Anomaly Detection Benchmarking
To build, train, and evaluate machine learning models for anomaly detection (such as Isolation Forests, Autoencoders, or LSTM networks), you need two distinct datasets:
- Clean Baseline Training Data: Completely free of anomalies, used to train the model to learn the “normal” operational boundaries of the system.

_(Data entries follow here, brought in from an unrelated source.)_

Lemma sumr_gt0_dom (R : realDomainType) (S : finType) (a b : S -> R) :
  (forall s, 0 <= b s) -> (forall s, 0 < a s -> 0 < b s) ->
  0 < \sum_s a s -> 0 < \sum_s b s.
Proof.
move=> b0 ab; apply: contraTT; rewrite -!leNgt => B0.
apply: sumr_le0 => s _; rewrite leNgt; apply/negP => /ab bs.
by have := lt_le_trans bs (ler_sum_term s b0); rewrite ltNge B0.
Qed.

Section Distributions.
Variable R : realType.

Definition push (S T : finType) (p : {ffun S -> R}) (K : S -> T -> R) : {ffun T -> R} :=
  [ffun t => \sum_s p s * K s t].

Lemma is_dist_push (S T : finType) (q : {ffun S -> R}) (K : S -> T -> R) :
  is_dist q -> (forall s t, 0 <= K s t) -> (forall s, 0 < q s -> \sum_t K s t = 1) ->
  is_dist (push q K).
Proof.
move=> [q0 q1] K0 K1; split=> [t|].
  by rewrite ffunE sumr_ge0 // => s _; rewrite mulr_ge0.
rewrite -q1; under eq_bigr do rewrite ffunE; rewrite exchange_big; apply: eq_bigr => s _.
have [->|qs] := eqVneq (q s) 0; first by rewrite big1 // => t _; rewrite mul0r.
by rewrite -mulr_sumr K1 ?mulr1 // lt0r qs q0.
Qed.

Lemma dist_has_pos (T : finType) (q : {ffun T -> R}) :
  is_dist q -> exists t, 0 < q t.
Proof.
move=> [q0 q1]; have [|t /andP [_ qt]] := psumr_neq0P (P := xpredT) (fun t _ => q0 t).
  by rewrite q1; apply/eqP; exact: oner_neq0.
by exists t.
Qed.

Section Marginals.
Variables (A B : finType) (p : {ffun A * B -> R}).
Hypothesis p_ge0 : forall t, 0 <= p t.

Lemma le_margL a b : p (a, b) <= margL p a.
Proof. by rewrite ffunE; apply: (ler_sum_term (F := fun b => p (a, b))) => ?; exact: p_ge0. Qed.

Lemma le_margR a b : p (a, b) <= margR p b.
Proof. by rewrite ffunE; apply: (ler_sum_term (F := fun a => p (a, b))) => ?; exact: p_ge0. Qed.

End Marginals.

Section DistMarginals.
Variables (A B : finType) (p : {ffun A * B -> R}).
Hypothesis p_dist : is_dist p.

Lemma is_dist_margL : is_dist (margL p).
Proof.
split=> [a|]; first by rewrite ffunE sumr_ge0 // => b _; exact: p_dist.1.
by case: p_dist => _ <-; rewrite sum_pair; apply: eq_bigr => a _; rewrite ffunE.
Qed.

Lemma is_dist_margR : is_dist (margR p).
Proof.
split=> [b|]; first by rewrite ffunE sumr_ge0 // => a _; exact: p_dist.1.
case: p_dist => _ <-; rewrite sum_pair exchange_big.
by apply: eq_bigr => b _; rewrite ffunE.
Qed.

End DistMarginals.

End Distributions.

Section KullbackLeibler.
Variable R : realType.

Lemma ln_lt_subr1 (t : R) : 0 < t -> t != 1 -> ln t < t - 1.
Proof.
move=> t0 t1; have := @expR_gt1Dx R (ln t); rewrite lnK ?posrE // ln_eq0 // t1.
by move=> /(_ isT); lra.
Qed.

Lemma subr_lt_mul_ln_div (a b : R) : 0 <= a -> 0 < b -> a != b ->
  a - b < a * ln (a / b).
Proof.
move=> a0 b0 ab; have [->|an0] := eqVneq a 0; first by rewrite mul0r; lra.
have ap : 0 < a by rewrite lt_def an0.
have t0 : 0 < b / a by rewrite divr_gt0.
have t1 : b / a != 1 by rewrite -[1](@divff _ a) // (can_eq (divfK an0)) eq_sym.
have := ln_lt_subr1 t0 t1; rewrite -invf_div lnV ?posrE ?divr_gt0 // => h.
have -> : a - b = a * (1 - b / a) by field.
by rewrite ltr_pM2l //; lra.
Qed.

Lemma subr_le_mul_ln_div (a b : R) : 0 <= a -> 0 < b -> a - b <= a * ln (a / b).
Proof.
move=> a0 b0; have [->|ab] := eqVneq a b; last exact/ltW/subr_lt_mul_ln_div.
by rewrite divff ?gt_eqF // ln1 mulr0 subrr.
Qed.

Section LogSum.
Variables (S : finType) (a b : S -> R).
Hypotheses (a_ge0 : forall s, 0 <= a s) (b_ge0 : forall s, 0 <= b s).
Hypothesis ab_pos : forall s, 0 < a s -> 0 < b s.

Let A := \sum_s a s.
Let B := \sum_s b s.
Let B_gt0 : 0 < A -> 0 < B := sumr_gt0_dom b_ge0 ab_pos.
(* The slack in [a ln (a / (r b)) >= a - r b] at r = A / B; the right-hand sides
   sum to zero, which is the whole log-sum inequality. *)
Let gap s := a s * ln (a s / b s) - a s * ln (A / B) - (a s - A / B * b s).

Let gap_ge0 s : 0 < A -> 0 <= gap s /\ (gap s = 0 -> a s = A / B * b s).
Proof.
move=> A0; have r0 : 0 < A / B by rewrite divr_gt0 ?B_gt0.
have [bs0|bs0] := eqVneq (b s) 0.
  have as0 : a s = 0.
    by apply/le_anti; rewrite a_ge0 andbT leNgt; apply/negP => /ab_pos; rewrite bs0 ltxx.
  by rewrite /gap as0 bs0 !(mul0r, mulr0) !subrr.
have bs : 0 < b s by rewrite lt_def bs0 b_ge0.
have rbs : 0 < A / B * b s by rewrite mulr_gt0.
have -> : gap s = a s * ln (a s / (A / B * b s)) - (a s - A / B * b s).
  rewrite /gap; congr (_ - _).
  have [->|as0] := eqVneq (a s) 0; first by rewrite !mul0r subrr.
  have asp : 0 < a s by rewrite lt_def as0 a_ge0.
  rewrite -mulrBr -ln_div ?posrE ?divr_gt0 ?B_gt0 //.
  suff -> : a s / b s / (A / B) = a s / (A / B * b s) by [].
  by rewrite mulrAC [in RHS]invfM mulrA.
split; first by rewrite subr_ge0 subr_le_mul_ln_div.
have [//|ne] := eqVneq (a s) (A / B * b s).
by have := subr_lt_mul_ln_div (a_ge0 s) rbs ne; lra.
Qed.

Let sum_gap : 0 < A -> \sum_s gap s = \sum_s a s * ln (a s / b s) - A * ln (A / B).
Proof.
move=> A0; rewrite !sumrB -!mulr_suml -mulr_sumr -/A -/B divfK ?gt_eqF ?B_gt0 //.
by rewrite subrr subr0.
Qed.
(* For every finite connected undirected unweighted graph $G=(V,E)$ with $n$ vertices, every $r\ge 1$ and every $S_0\subseteq V$, $\mathrm{fp}^{1/2,r}_G(S_0)\ge |S_0|/n$.
   Context: The $\lambda$-mixed Moran process on a connected graph $G=(V,E)$ with $n=|V|\ge 2$: each vertex hosts a resident (fitness $1$) or mutant (fitness $r>0$); the state is the mutant set $S_t\subseteq V$. Each step, independently: with probability $\lambda$ a Birth-death step (a vertex $u$ chosen with probability proportional to fitness among all vertices; a uniformly random neighbor of $u$ takes $u$'s type); with probability $1-\lambda$ a death-Birth step (a uniformly random vertex $v$ dies; a neighbor $u$ of $v$ chosen with probability proportional to fitness among the neighbors of $v$; $v$ takes $u$'s type). $\mathrm{fp}^{\lambda,r}_G(S_0)$ is the probability that the process started at $S_0$ reaches $S_t=V$. *)

From HB Require Import structures.
From mathcomp Require Import all_boot all_order all_algebra.
From mathcomp Require Import all_classical all_reals all_analysis.
Set Implicit Arguments. Unset Strict Implicit. Unset Printing Implicit Defensive.
Import Order.TTheory GRing.Theory Num.Theory numFieldNormedType.Exports.
Local Open Scope ring_scope.

Section Moran.
Variables (R : realType) (V : finType) (e : rel V).

Definition simple_graph := symmetric e /\ irreflexive e.
Definition connected_graph := forall x y : V, connect e x y.

Definition nbhd (u : V) : {set V} := [set v | e u v].

(* fitness: mutants (in S) have fitness r, residents fitness 1 *)
Definition fit (r : R) (S : {set V}) (u : V) : R := if u \in S then r else 1.

(* vertex v takes the type of vertex u *)
Definition upd (S : {set V}) (u v : V) : {set V} :=
  if u \in S then v |: S else S :\ v.

(* one-step transition probability of the lambda-mixed Moran process *)
Definition trans (lam r : R) (S S' : {set V}) : R :=
  lam * (\sum_(u : V) \sum_(v in nbhd u)
           (fit r S u / (\sum_(w : V) fit r S w)) * (#|nbhd u|%:R)^-1
           * (upd S u v == S')%:R)
  + (1 - lam) * (\sum_(v : V) \sum_(u in nbhd v)
           (#|V|%:R)^-1 * (fit r S u / (\sum_(w in nbhd v) fit r S w))
           * (upd S u v == S')%:R).

Fixpoint hitV (lam r : R) (t : nat) (S : {set V}) : R :=
  if S == [set: V] then 1 else
  match t with
  | 0 => 0
  | t'.+1 => \sum_(S' : {set V}) trans lam r S S' * hitV lam r t' S'
  end.

(* fixation probability: probability of ever reaching S_t = V,
   i.e. the limit of the (nondecreasing) probabilities of reaching V
   within t steps *)
Definition fp (lam r : R) (S0 : {set V}) : R := limn (fun t => hitV lam r t S0).

End Moran.

From HB Require Import structures.
From mathcomp Require Import all_boot all_order all_algebra.
From mathcomp Require Import all_classical all_reals all_analysis.
From mathcomp Require Import ring lra zify.
Set Implicit Arguments. Unset Strict Implicit. Unset Printing Implicit Defensive.
Import Order.TTheory GRing.Theory Num.Theory numFieldNormedType.Exports.
Local Open Scope ring_scope.
Lemma ff_kernel_or_separating (n m k : nat) (r : 'I_m.+1 -> 'rV[int]_n)
    (i0 : 'I_m.+1) :
  (exists2 c, ff_kernel k r c & c i0 != 0) \/
  exists Q : {mpoly CC[n]}, (msize Q <= k.+1)%N /\
    eval_int Q (r i0) != 0 /\ forall i, i != i0 -> eval_int Q (r i) = 0.
Proof.
have [/submxP[u u_def] | not_sub] :=
  boolP ((delta_mx 0 i0 : 'rV[CC]_m.+1) <= ffmx k r)%MS.
  right; exists (\sum_p u 0 p *: trunc_ffpoly (enum_val p)).
  have Q_eval i : eval_int (\sum_p u 0 p *: trunc_ffpoly (enum_val p)) (r i)
                  = (i == i0)%:R.
    move/matrixP/(_ 0 i): u_def; rewrite !mxE eqxx /= => ->.
    rewrite /eval_int raddf_sum; apply: eq_bigr => p _.
    by rewrite /= mevalZ ffmxE.
  split; [|split].
  - apply: leq_trans (msize_sum _ _ _) _; apply/bigmax_leqP => p _.
    exact: leq_trans (msizeZ_le _ _) (msize_trunc_ffpoly _).
  - by rewrite Q_eval eqxx oner_neq0.
  - by move=> i i_ne; rewrite Q_eval (negbTE i_ne).
left; rewrite submxE in not_sub.
have /existsP[j coker_j] :
    [exists j, ((delta_mx 0 i0 : 'rV[CC]_m.+1) *m cokermx (ffmx k r)) 0 j != 0].
  apply: contraR not_sub; rewrite negb_exists => /forallP coker0.
  by apply/eqP/rowP => j; rewrite [RHS]mxE; apply/eqP/negbNE.
exists (fun i => cokermx (ffmx k r) i j); first exact: ff_kernel_cokermx.
by rewrite -rowE mxE in coker_j.
Qed.

Theorem corollary5p6 (n m : nat) (r : 'I_m.+1 -> 'rV[int]_n) (k : nat) :
  injective r ->
  lattice_generates r ->
  (trop_dual_empty k r <->
   exists Q : {mpoly CC[n]}, (msize Q <= k.+1)%N /\
     exists i0 : 'I_m.+1, eval_int Q (r i0) != 0 /\
       forall i : 'I_m.+1, i != i0 -> eval_int Q (r i) = 0).
Proof.
move=> _ _; split=> [/trop_dual_emptyP no_osc | [Q [Q_le [i0 [Q_i0 Q_i]]]]].
  apply: NNPP => no_sep; apply/no_osc/osc_cone_ff_kernelP.
  apply: exists_nowhere_zero => [|c d t|i0]; first exact: ff_kernel0.
    exact: ff_kernel_comb.
  have [//|[Q [Q_le Q_sep]]] := ff_kernel_or_separating k r i0.
  by case: no_sep; exists Q; split=> //; exists i0.
apply/trop_dual_emptyP => /osc_cone_ff_kernelP[c c_nz c_ker].
have := ff_kernel_eval c_ker Q_le.
rewrite (bigD1 i0) //= big1 ?addr0 => [|i i_ne]; last by rewrite Q_i // mulr0.
by apply/eqP; rewrite mulf_neq0.
Qed.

- Contaminated Test Data with Ground-Truth Labels: Contains both normal patterns and realistic stochastically-injected anomalies, with a perfect binary classification target column (
is_anomaly: 0 or 1) to compute evaluation metrics (Precision, Recall, F1-Score, ROC-AUC).
By using deterministic seeding, ts-data-generator makes creating these paired datasets incredibly simple.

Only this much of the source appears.